June 20, 2019
The Financial Accounting Standards Advisory Council (FASAC) held its regular quarterly meeting on Thursday, June 20, 2019. The following topics were discussed:
Effective Date Consideration for Private Companies, Not-for-Profit Organizations, and Small Public Companies: FASAC members provided their views on the FASB’s research project, focusing on recent major standards including leases, hedging, credit losses, and insurance. Overall, Council members expressed diverse views on the philosophy for effective dates for major projects. Many Council members supported providing organizations with fewer resources additional time to implement major standards, particularly given the number of major standards issued in the last few years. Council members also encouraged the Board to consider the need for (and time lag associated with) staggered effective dates on a standard-by-standard basis, rather than establishing an inflexible time lag for private companies and others. Those members observed that the time lag should vary, depending on the potential costs and complexity of the guidance. Council members also observed that there are some challenges with staggered effective dates, including potentially decreased comparability between organizations and difficulties in applying the equity method when the investors and investees follow different effective dates.
Implementation of Leases: FASAC members participated in the first of a series of discussions on the FASB’s post-effective date assessment of costs and benefits of the leasing standard. This session focused on public companies’ initial and recurring costs of transitioning. Some Council members noted that although the adoption of the standard had an insignificant overall impact on some companies’ financial statements, the initial level of effort and cost to apply the standard was somewhat higher than originally anticipated, primarily because of needed systems changes or new systems.
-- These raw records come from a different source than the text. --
(* [P], [H] are the values of an atom and of its hat under p, p̂, and [U], [UH]
   their values under u, û; the conclusion is the head of the rule under
   w := U ∪ (¬P ∩ ¬UH). *)
Lemma completed_head_of_diamond {A} (pos neg : list A) (P H U UH : A -> Prop) :
  (forall a, In a (pos ++ neg) -> (H a <-> ~ P a)) ->
  (forall a, In a (pos ++ neg) -> U a -> P a) ->
  (forall a, In a (pos ++ neg) -> UH a -> H a) ->
  ((forall a, In a pos -> UH a \/ ~ H a) ->
   (forall a, In a neg -> U a \/ ~ P a) ->
   (exists a, In a pos /\ U a) \/ (exists a, In a neg /\ UH a)) ->
  (exists a, In a pos /\ (U a \/ ~ P a /\ ~ UH a)) \/
  (exists a, In a neg /\ ~ (U a \/ ~ P a /\ ~ UH a)).
Proof.
  intros Hcc Hu Huh Hdiamond.
  destruct (classic (exists a, In a pos /\ ~ P a /\ ~ UH a)) as [[a [Ha Hw]] | Hpos];
    [left; eauto |].
  destruct (classic (exists a, In a neg /\ P a /\ ~ U a)) as [[a [Ha [HP HU]]] | Hneg];
    [right; exists a; split; tauto |].
  destruct Hdiamond as [[a [Ha HU]] | [a [Ha HUH]]].
  - intros a Ha.
    destruct (classic (UH a)); [auto | right].
    rewrite (Hcc a) by (apply in_or_app; auto).
    intros HnP; apply Hpos; eauto.
  - intros a Ha.
    destruct (classic (U a)); [auto | right].
    intros HP; apply Hneg; eauto.
  - left; eauto.
  - right; exists a; split; [exact Ha |].
    assert (Ha' : In a (pos ++ neg)) by (apply in_or_app; auto).
    pose proof (proj1 (Hcc a Ha') (Huh a Ha' HUH)).
    intros [HU | [_ HnUH]]; [apply (Hu a Ha') in HU |]; tauto.
Qed.

Section DRuleTheory.
Variable ar : nat -> nat.
Variable T : ctheory.
Variable D : Type.
Variable fI : nat -> list D -> D.
Variable I : psym -> list D -> Prop.

Let E := expl T.

Hypothesis rule_atoms : forall r a, In r (drules T) -> In a (dpos r ++ dneg r) ->
  In (fst a) E /\ length (snd a) = ar (fst a).
Hypothesis complete :
  forall q l, In q E -> length l = ar q -> (I (PHat q) l <-> ~ I (PC q) l).
Hypothesis causal : causal_holds fI ar I T.

Lemma holds_Pi : forall F, In F (Pi T) -> holds fI I F.
Proof.
  intros F HF s; apply in_map_iff in HF as [r [<- Hr]].
  apply evalD_tr_d; intros HG _ _.
  assert (Hdag : Tdag fI I T (fun q => I (PC q)))
    by (apply causal; intros q _ l _; reflexivity).
  destruct (proj1 (sat_dhead _ _ _ _) (Hdag r Hr s (NNPP _ HG)))
    as [[a [Ha HA]] | [a [Ha HnA]]].
  - left; exists a; split; [exact Ha |].
    rewrite repl_p_PC_in in HA; [exact HA |].
    apply (rule_atoms r a Hr), in_or_app; auto.
  - right; exists a; split; [exact Ha |].
    assert (Ha' : In a (dpos r ++ dneg r)) by (apply in_or_app; auto).
    destruct (rule_atoms r a Hr Ha') as [HE Hlen].
    rewrite repl_p_PC_in in HnA by exact HE.
    apply complete; [exact HE | | exact HnA].
    unfold atom_args; rewrite length_map; exact Hlen.
Qed.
Some members also commented on some of the benefits of adoption to their companies: better centralized processes to manage their leases, improved internal consistency of leases, and increased ability to manage an organization’s asset base and lease obligations. Expected recurring costs include costs to capture the required data, sustain internal controls, and preserve systems.
Other members, particularly investors and users, are beginning to consider the resulting changes in companies’ financial statements and how those changes impact their analysis or models. Those Council members indicated that additional time is needed to assess the benefits of the change in the leases standard. Council members also discussed implementation issues related to the incremental borrowing rate, certain disclosures, and related parties.
Segment Reporting: FASAC members discussed potential improvements to segment reporting disclosures, centering on the approach to requiring additional disclosure by reportable segment. Overall, Council members preferred a principles-based approach to requiring additional disclosure by reportable segment, due to the wide variety of industries. Council members, particularly investors and users, expressed support for that approach and explained that having consistency over time for an organization could be more useful than comparability between organizations.
The FASB Chairman provided highlights on FASB activities, and SEC and PCAOB staff members commented on current issues and activities.